The White Lioness (Original: Den vita lejoninnan) is a crime novel by Swedish writer Henning Mankell, the third in the Inspector Wallander series.

Synopsis
The story itself takes place in 1992. The plot follows two parallel patterns, one during late apartheid South Africa where incumbent president F.W. de Klerk, leader of the Afrikaner minority which is on the brink of losing power to the African majority under the leadership of the ANC, about to end 44 years of suppression by the Broederbond rule. Simultaneously, Detective Chief Inspector Kurt Wallander is investigating a case of a missing female Methodist real-estate agent outside Ystad.

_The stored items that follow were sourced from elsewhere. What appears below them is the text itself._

(* Let $\bar z$ be a feasible point of the MPCC $$\min f(z)\ \text{ s.t. }\ g(z)\le 0,\ h(z)=0,\ 0\le G(z)\perp H(z)\ge 0,$$ where $f:\mathbb{R}^n\to\mathbb{R}$, $g:\mathbb{R}^n\to\mathbb{R}^{n_g}$, $h:\mathbb{R}^n\to\mathbb{R}^{n_h}$, $G,H:\mathbb{R}^n\to\mathbb{R}^m$ are differentiable. If $\bar z$ is piecewise M-stationary, then $\bar z$ is B-stationary.
   Context: The complementarity constraint $0\le G(z)\perp H(z)\ge 0$ means $G(z)\ge0$, $H(z)\ge 0$, $G_i(z)H_i(z)=0$ for all $i$. At a feasible $\bar z$ define $\alpha(\bar z)=\{i: G_i(\bar z)=0<H_i(\bar z)\}$, $\gamma(\bar z)=\{i: G_i(\bar z)>0=H_i(\bar z)\}$, $\beta(\bar z)=\{i: G_i(\bar z)=0=H_i(\bar z)\}$. Let $\mathcal T(\bar z)$ be the (Bouligand) tangent cone of the MPCC feasible set at $\bar z$. $\bar z$ is B-stationary if $\nabla f(\bar z)^Td\ge 0$ for all $d\in\mathcal T(\bar z)$. Piecewise M-stationarity: let $\mathcal P(\beta(\bar z))$ be the set of all pairs $(\beta_1,\beta_2)$ with $\beta_1\cup\beta_2=\beta(\bar z)$, $\beta_1\cap\beta_2=\emptyset$. $\bar z$ is piecewise M-stationary if for every $(\beta_1,\beta_2)\in\mathcal P(\beta(\bar z))$ there exist multipliers $\bar\lambda=(\bar\lambda^g,\bar\lambda^h,\bar\lambda^G,\bar\lambda^H)$ (possibly depending on the partition) with $$0=\nabla f(\bar z)+\sum_{i=1}^{n_g}\bar\lambda^g_i\nabla g_i(\bar z)+\sum_{i=1}^{n_h}\bar\lambda^h_i\nabla h_i(\bar z)-\sum_{i\in\alpha(\bar z)\cup\beta(\bar z)}\bar\lambda^G_i\nabla G_i(\bar z)-\sum_{i\in\gamma(\bar z)\cup\beta(\bar z)}\bar\lambda^H_i\nabla H_i(\bar z),$$ $\bar\lambda^g_i\ge0$ and $\bar\lambda^g_ig_i(\bar z)=0$ for all $i$; $\bar\lambda^H_i\ge 0$ for $i\in\beta_1$; $\bar\lambda^G_i\ge0$ for $i\in\beta_2$; and for every $i\in\beta(\bar z)$ either $\bar\lambda^G_i,\bar\lambda^H_i\ge 0$ or $\bar\lambda^G_i\bar\lambda^H_i=0$. *)

From HB Require Import structures.
From mathcomp Require Import all_boot all_order all_algebra.
From mathcomp Require Import all_classical all_reals all_analysis.
Set Implicit Arguments. Unset Strict Implicit. Unset Printing Implicit Defensive.
Import Order.TTheory GRing.Theory Num.Theory.
Import numFieldNormedType.Exports.
Local Open Scope classical_set_scope.
Local Open Scope ring_scope.

Section MPCC.
Variable R : realType.
Variable n : nat.

Definition grad (f : 'rV[R]_n -> R) (z : 'rV[R]_n) : 'rV[R]_n :=
  \row_(j < n) ('d f z (delta_mx 0 j : 'rV[R]_n)).

Definition dotv (u v : 'rV[R]_n) : R := \sum_(j < n) u 0 j * v 0 j.

Definition tangent_cone (S : set 'rV[R]_n) (z : 'rV[R]_n) : set 'rV[R]_n :=
  [set d | exists (t : R^nat) (dk : nat -> 'rV[R]_n),
      (forall k, 0 < t k) /\ t @ \oo --> (0 : R) /\ dk @ \oo --> d /\
      (forall k, S (z + t k *: dk k))].

Variables (ng nh m : nat).
Variables (g : 'I_ng -> 'rV[R]_n -> R) (h : 'I_nh -> 'rV[R]_n -> R)
          (G H : 'I_m -> 'rV[R]_n -> R).

Definition mpcc_feasible : set 'rV[R]_n :=
  [set z | (forall i, g i z <= 0) /\ (forall i, h i z = 0) /\
           (forall i, 0 <= G i z /\ 0 <= H i z /\ G i z * H i z = 0)].

Definition alpha_set (z : 'rV[R]_n) : {set 'I_m} :=
  [set i | (G i z == 0) && (0 < H i z)].
Definition gamma_set (z : 'rV[R]_n) : {set 'I_m} :=
  [set i | (0 < G i z) && (H i z == 0)].
Definition beta_set (z : 'rV[R]_n) : {set 'I_m} :=
  [set i | (G i z == 0) && (H i z == 0)].

Definition B_stationary (f : 'rV[R]_n -> R) (z : 'rV[R]_n) : Prop :=
  forall d, tangent_cone mpcc_feasible z d -> 0 <= dotv (grad f z) d.

Definition piecewise_M_stationary (f : 'rV[R]_n -> R) (z : 'rV[R]_n) : Prop :=
  forall beta1 beta2 : {set 'I_m},
    beta1 :|: beta2 = beta_set z -> beta1 :&: beta2 = finset.set0 ->
    exists (lg : 'I_ng -> R) (lh : 'I_nh -> R) (lG lH : 'I_m -> R),
      [/\ grad f z
          + \sum_(i < ng) lg i *: grad (g i) z
          + \sum_(i < nh) lh i *: grad (h i) z
          - \sum_(i in alpha_set z :|: beta_set z) lG i *: grad (G i) z
          - \sum_(i in gamma_set z :|: beta_set z) lH i *: grad (H i) z = 0,
        (forall i, 0 <= lg i /\ lg i * g i z = 0),
        (forall i, i \in beta1 -> 0 <= lH i),
        (forall i, i \in beta2 -> 0 <= lG i) &
        (forall i, i \in beta_set z ->
           (0 <= lG i /\ 0 <= lH i) \/ lG i * lH i = 0)].

End MPCC.

(* A tangent direction d is a limit of directions d_k along which the points
   zbar + t_k d_k are feasible; passing to the limit in the difference quotients
   of the constraints puts d in the MPCC-linearized cone: 'd g_i d <= 0 on active
   inequalities, 'd h_i d = 0, 'd G_i d = 0 on alpha, 'd H_i d = 0 on gamma, and
   on beta both derivatives are nonnegative with vanishing product.  Now choose
   the partition beta1 = {i in beta | 'd G_i d = 0}, beta2 = beta \ beta1: on
   beta1 the multiplier lH_i >= 0 meets 'd H_i d >= 0, and on beta2 the
   multiplier lG_i >= 0 meets 'd G_i d > 0 while 'd H_i d = 0.  Pairing the
   stationarity equation with d, every multiplier term then has the sign
   making 'd f d >= 0. *)

From HB Require Import structures.
From mathcomp Require Import all_boot all_order all_algebra.
From mathcomp Require Import all_classical all_reals all_analysis.
From mathcomp Require Import lra.
Import Order.TTheory GRing.Theory Num.Theory.
Import numFieldNormedType.Exports.
Set Implicit Arguments.
Unset Strict Implicit.
Unset Printing Implicit Defensive.

Local Open Scope classical_set_scope.
Local Open Scope ring_scope.

Lemma cvg_near_cst_eq (R : realType) (u : R^nat) (l c : R) :
  u @ \oo --> l -> (\forall k \near \oo, u k = c) -> l = c.
Proof. by move=> ul /cvg_near_cst uc; exact: cvg_unique ul uc. Qed.

Section DirectionalSequences.
Variables (R : realType) (V : normedModType R) (z d : V).
Variables (t : R^nat) (dk : nat -> V).
Hypotheses (t_gt0 : forall k, 0 < t k) (t_cvg0 : t @ \oo --> 0)
  (dk_cvg : dk @ \oo --> d).

Local Notation zk k := (z + t k *: dk k).

Lemma step_cvg0 : (fun k => t k *: dk k) @ \oo --> 0.
Proof. by rewrite -(scale0r d); exact: cvgZ. Qed.

Lemma directional_seq_cvg : (fun k => zk k) @ \oo --> z.
Proof. by rewrite -[X in _ --> X]addr0; apply: cvgD; [exact: cvg_cst|exact: step_cvg0]. Qed.

Lemma diff_remainder_quotient_cvg0 (phi : V -> R) : differentiable phi z ->
  (fun k => (phi (zk k) - phi z - 'd phi z (t k *: dk k)) / t k) @ \oo --> 0.
Proof.
move=> /diff_locally /eqaddoP phi_o.
(* Eventually [|dk k| <= M], so the remainder, o(|t k *: dk k|), is o(t k). *)
pose M := `|d| + 1.
have M_gt0 : 0 < M by rewrite /M ltr_wpDl.
have dk_le : \forall k \near \oo, `|dk k| <= M.
  move/cvgrPdist_le: dk_cvg => /(_ 1 ltr01); apply: filterS => k dk_near.
  by rewrite -[dk k](subKr d) (le_trans (ler_normB _ _)) // lerD2l.
apply/cvgr0Pnorm_le => eps eps_gt0.
have epsM_gt0 : 0 < eps / M by rewrite divr_gt0.
have rem_le : \forall k \near \oo,
    `|phi (t k *: dk k + z) - (phi z + 'd phi z (t k *: dk k))| <= eps / M * `|t k *: dk k|.
  exact: (step_cvg0 (phi_o _ epsM_gt0)).
near=> k.
have tk_gt0 := t_gt0 k.
rewrite normrM normfV (gtr0_norm tk_gt0) ler_pdivrMr //.
rewrite [z + _]addrC -addrA -opprD.
apply: (@le_trans _ _ (eps / M * `|t k *: dk k|)); first by near: k.
rewrite normrZ (gtr0_norm tk_gt0) mulrAC.
rewrite ler_pdivrMr // -mulrA !ler_pM2l //.
by near: k.
Unshelve. all: by end_near. Qed.

Lemma diff_quotient_cvg (phi : V -> R) : differentiable phi z ->
  (fun k => (phi (zk k) - phi z) / t k) @ \oo --> 'd phi z d.
Proof.
move=> phi_diff.
have split_quotient k : (phi (zk k) - phi z) / t k =
    'd phi z (dk k) + (phi (zk k) - phi z - 'd phi z (t k *: dk k)) / t k.
  have tk_neq0 : t k != 0 by rewrite gt_eqF.
  by rewrite linearZ /= [in RHS]mulrBl [t k *: 'd phi z _]mulrC mulfK // [RHS]addrC subrK.
rewrite (funext split_quotient) -[X in _ --> X]addr0; apply: cvgD.
  by apply: (cvg_comp _ _ dk_cvg); apply: diff_continuous.
exact: diff_remainder_quotient_cvg0.
Qed.

Section ZeroAtBasePoint.
Variable phi : V -> R.
Hypotheses (phi_diff : differentiable phi z) (phi_z0 : phi z = 0).

Lemma diff_ge0_of_near_ge0 :
  (\forall k \near \oo, 0 <= phi (zk k)) -> 0 <= 'd phi z d.
Proof.
move=> phi_ge0; apply: (ler_cvg_to (cvg_cst 0) (diff_quotient_cvg phi_diff)).
by apply: filterS phi_ge0 => k ?; rewrite phi_z0 subr0 divr_ge0 // ltW.
Qed.

Lemma diff_le0_of_near_le0 :
  (\forall k \near \oo, phi (zk k) <= 0) -> 'd phi z d <= 0.
Proof.
move=> phi_le0; apply: (ler_cvg_to (diff_quotient_cvg phi_diff) (cvg_cst 0)).
by apply: filterS phi_le0 => k ?; rewrite phi_z0 subr0 pmulr_lle0 ?invr_gt0.
Qed.

Lemma diff_eq0_of_near_eq0 :
  (\forall k \near \oo, phi (zk k) = 0) -> 'd phi z d = 0.
Proof.
move=> phi_eq0; apply/eqP; rewrite eq_le.
by rewrite diff_le0_of_near_le0 ?diff_ge0_of_near_ge0 //;
  apply: filterS phi_eq0 => k ->.
Qed.

End ZeroAtBasePoint.

Lemma diff_mul_eq0 (phi psi : V -> R) :
  differentiable phi z -> differentiable psi z -> phi z = 0 -> psi z = 0 ->
  (forall k, phi (zk k) * psi (zk k) = 0) -> 'd phi z d * 'd psi z d = 0.
Proof.
move=> phi_diff psi_diff phi_z0 psi_z0 prod_eq0.
apply: cvg_near_cst_eq (cvgM (diff_quotient_cvg phi_diff) (diff_quotient_cvg psi_diff)) _.
by apply: nearW => k /=; rewrite phi_z0 psi_z0 !subr0 mulrACA prod_eq0 mul0r.
Qed.

Lemma diff_eq0_of_complementarity (phi psi : V -> R) :
  differentiable phi z -> differentiable psi z -> phi z = 0 -> 0 < psi z ->
  (forall k, phi (zk k) * psi (zk k) = 0) -> 'd phi z d = 0.
Proof.
move=> phi_diff psi_diff phi_z0 psi_z_gt0 prod_eq0.
apply: diff_eq0_of_near_eq0 => //.
have psi_cvg := cvg_comp _ _ directional_seq_cvg (differentiable_continuous psi_diff).
apply: filterS (@cvgr_gt R _ _ _ _ _ psi_cvg 0 psi_z_gt0) => k psi_k_gt0.
by move/eqP: (prod_eq0 k); rewrite mulf_eq0 (gt_eqF psi_k_gt0) orbF => /eqP.
Qed.

End DirectionalSequences.

Section InnerProduct.
Variables (R : realType) (n : nat).
Implicit Types (u v d : 'rV[R]_n) (phi : 'rV[R]_n -> R).

Lemma dotv0l d : dotv 0 d = 0.
Proof. by rewrite /dotv big1 // => j _; rewrite mxE mul0r. Qed.

Lemma dotvDl u v d : dotv (u + v) d = dotv u d + dotv v d.
Proof. by rewrite /dotv -big_split; apply: eq_bigr => j _; rewrite mxE mulrDl. Qed.

Lemma dotvNl u d : dotv (- u) d = - dotv u d.
Proof. by rewrite /dotv -sumrN; apply: eq_bigr => j _; rewrite mxE mulNr. Qed.

Lemma dotvBl u v d : dotv (u - v) d = dotv u d - dotv v d.
Proof. by rewrite dotvDl dotvNl. Qed.

Lemma dotvZl (a : R) u d : dotv (a *: u) d = a * dotv u d.
Proof. by rewrite /dotv mulr_sumr; apply: eq_bigr => j _; rewrite mxE mulrA. Qed.

Lemma dotv_suml (I : finType) (P : pred I) (F : I -> 'rV[R]_n) d :
  dotv (\sum_(i | P i) F i) d = \sum_(i | P i) dotv (F i) d.
Proof. by apply: (big_morph (fun u => dotv u d)) => [u v|]; rewrite ?dotvDl ?dotv0l. Qed.

Lemma dotv_grad phi z d : dotv (grad phi z) d = 'd phi z d.
Proof.
rewrite /dotv /grad [in RHS](row_sum_delta d) linear_sum.
by apply: eq_bigr => j _; rewrite mxE linearZ mulrC.
Qed.

Lemma dotv_sum_grad (I : finType) (P : pred I) (c : I -> R)
    (phi : I -> 'rV[R]_n -> R) z d :
  dotv (\sum_(i | P i) c i *: grad (phi i) z) d = \sum_(i | P i) c i * 'd (phi i) z d.
Proof. by rewrite dotv_suml; apply: eq_bigr => i _; rewrite dotvZl dotv_grad. Qed.

End InnerProduct.

Section MPCCLinearization.
Variables (R : realType) (n ng nh m : nat).
Variables (g : 'I_ng -> 'rV[R]_n -> R) (h : 'I_nh -> 'rV[R]_n -> R)
  (G H : 'I_m -> 'rV[R]_n -> R) (zbar : 'rV[R]_n).

Definition mpcc_linearized_cone : set 'rV[R]_n :=
  [set d | [/\ forall i, g i zbar = 0 -> 'd (g i) zbar d <= 0,
    forall i, 'd (h i) zbar d = 0,
    forall i, i \in alpha_set G H zbar -> 'd (G i) zbar d = 0,
    forall i, i \in gamma_set G H zbar -> 'd (H i) zbar d = 0 &
    forall i, i \in beta_set G H zbar ->
      [/\ 0 <= 'd (G i) zbar d, 0 <= 'd (H i) zbar d &
          'd (G i) zbar d * 'd (H i) zbar d = 0]]].

Lemma mpcc_tangent_cone_sub_linearized :
  (forall i, differentiable (g i) zbar) -> (forall i, differentiable (h i) zbar) ->
  (forall i, differentiable (G i) zbar) -> (forall i, differentiable (H i) zbar) ->
  mpcc_feasible g h G H zbar ->
  tangent_cone (mpcc_feasible g h G H) zbar `<=` mpcc_linearized_cone.
Proof.
move=> g_diff h_diff G_diff H_diff [_ [h_z0 GH_z]] d [t [dk [t_gt0 [t_cvg0 [dk_cvg feas_k]]]]].
have GH_k i k : [/\ 0 <= G i (zbar + t k *: dk k), 0 <= H i (zbar + t k *: dk k) &
    G i (zbar + t k *: dk k) * H i (zbar + t k *: dk k) = 0].
  by have [_ [_ /(_ i) [? []]]] := feas_k k.
have le0 := diff_le0_of_near_le0 t_gt0 t_cvg0 dk_cvg.
have ge0 := diff_ge0_of_near_ge0 t_gt0 t_cvg0 dk_cvg.
have eq0 := diff_eq0_of_near_eq0 t_gt0 t_cvg0 dk_cvg.
have compl_eq0 := diff_eq0_of_complementarity t_gt0 t_cvg0 dk_cvg.
have mul_eq0 := diff_mul_eq0 t_gt0 t_cvg0 dk_cvg.
split=> i.
- move=> g_z0; apply: le0 g_z0 _ => //.
  by apply: nearW => k; have [] := feas_k k.
- apply: eq0 (h_z0 i) _ => //.
  by apply: nearW => k; have [_ []] := feas_k k.
- rewrite inE => /andP [/eqP G_z0 H_z_gt0].
  by apply: compl_eq0 G_z0 H_z_gt0 _ => // k; case: (GH_k i k).
- rewrite inE => /andP [G_z_gt0 /eqP H_z0].
  by apply: compl_eq0 H_z0 G_z_gt0 _ => // k; case: (GH_k i k) => _ _; rewrite mulrC.
- rewrite inE => /andP [/eqP G_z0 /eqP H_z0]; split.
  + by apply: ge0 G_z0 _ => //; apply: nearW => k; case: (GH_k i k).
  + by apply: ge0 H_z0 _ => //; apply: nearW => k; case: (GH_k i k).
  + by apply: mul_eq0 G_z0 H_z0 _ => // k; case: (GH_k i k).
Qed.

Lemma piecewise_M_stationary_linearized_ge0 (f : 'rV[R]_n -> R) d :
  piecewise_M_stationary g h G H f zbar -> mpcc_linearized_cone d ->
  0 <= 'd f zbar d.
Proof.
move=> PM [g_lin h_lin alpha_lin gamma_lin beta_lin].
pose S := [set i | 'd (G i) zbar d == 0]%SET.
have [|lg [lh [lG [lH [stat lg_compl lH_ge0 lG_ge0 _]]]]] :=
  PM (beta_set G H zbar :&: S) (beta_set G H zbar :\: S) (finset.setID _ _).
  by rewrite finset.setDE finset.setIACA finset.setICr finset.setI0.
have := congr1 (fun u => dotv u d) stat.
rewrite dotv0l !dotvBl !dotvDl dotv_grad !dotv_sum_grad.
have g_sum : \sum_(i < ng) lg i * 'd (g i) zbar d <= 0.
  rewrite -oppr_ge0 -sumrN; apply: sumr_ge0 => i _; rewrite -mulrN.
  have [lg_ge0 /eqP] := lg_compl i; rewrite mulf_eq0 => /orP [/eqP -> | /eqP g_z0].
    by rewrite mul0r.
  by rewrite mulr_ge0 // oppr_ge0 g_lin.
have h_sum : \sum_(i < nh) lh i * 'd (h i) zbar d = 0.
  by apply: big1 => i _; rewrite h_lin mulr0.
have G_sum : 0 <= \sum_(i in alpha_set G H zbar :|: beta_set G H zbar)
                    lG i * 'd (G i) zbar d.
  apply: sumr_ge0 => i; rewrite inE => /orP [/alpha_lin -> | i_beta].
    by rewrite mulr0.
  have [dG_ge0 _ _] := beta_lin i i_beta.
  have [dG_eq0 | dG_neq0] := eqVneq ('d (G i) zbar d) 0; first by rewrite dG_eq0 mulr0.
  by rewrite mulr_ge0 // lG_ge0 // finset.in_setD i_beta andbT inE dG_neq0.
have H_sum : 0 <= \sum_(i in gamma_set G H zbar :|: beta_set G H zbar)
                    lH i * 'd (H i) zbar d.
  apply: sumr_ge0 => i; rewrite inE => /orP [/gamma_lin -> | i_beta].
    by rewrite mulr0.
  have [_ dH_ge0 /eqP] := beta_lin i i_beta; rewrite mulf_eq0.
  case/orP => [dG_eq0 | /eqP ->]; last by rewrite mulr0.
  by rewrite mulr_ge0 // lH_ge0 // finset.in_setI i_beta inE dG_eq0.
lra.
Qed.

End MPCCLinearization.

Theorem theorem2p3 (R : realType) (n ng nh m : nat)
  (f : 'rV[R]_n -> R) (g : 'I_ng -> 'rV[R]_n -> R) (h : 'I_nh -> 'rV[R]_n -> R)
  (G H : 'I_m -> 'rV[R]_n -> R) (zbar : 'rV[R]_n) :
  (forall z, differentiable f z) ->
  (forall i z, differentiable (g i) z) ->
  (forall i z, differentiable (h i) z) ->
  (forall i z, differentiable (G i) z) ->
  (forall i z, differentiable (H i) z) ->
  mpcc_feasible g h G H zbar ->
  piecewise_M_stationary g h G H f zbar ->
  B_stationary g h G H f zbar.
Proof.
(* Both stationarity notions use the same 'd f zbar. *)
move=> _ g_diff h_diff G_diff H_diff feas PM d d_tangent.
rewrite dotv_grad; apply: piecewise_M_stationary_linearized_ge0 PM _.
exact: mpcc_tangent_cone_sub_linearized d_tangent.
Qed.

Upon the eventual recovery of her body, as well as the discovery of a severed black finger at the crime scene, Detective Chief Inspector Wallander realizes the case has deep roots in the history and current development in South Africa, where it appears that an extremist cell of the Broederbond is about to orchestrate the murder of F W de Klerk by an infamous black assassin, wishing to plunge the country into a long and devastating civil war.

Publication
Mankell, who himself was deeply interested in questions concerning South Africa and its history and who used to reside in the country part-time, released the book in 1993 during the reign of the National Party and the Afrikaner rule.

Adaptation
In 1996, The White Lioness was adapted by Swedish public broadcaster Sveriges Television into a theatrical movie, starring Rolf Lassgård as Wallander.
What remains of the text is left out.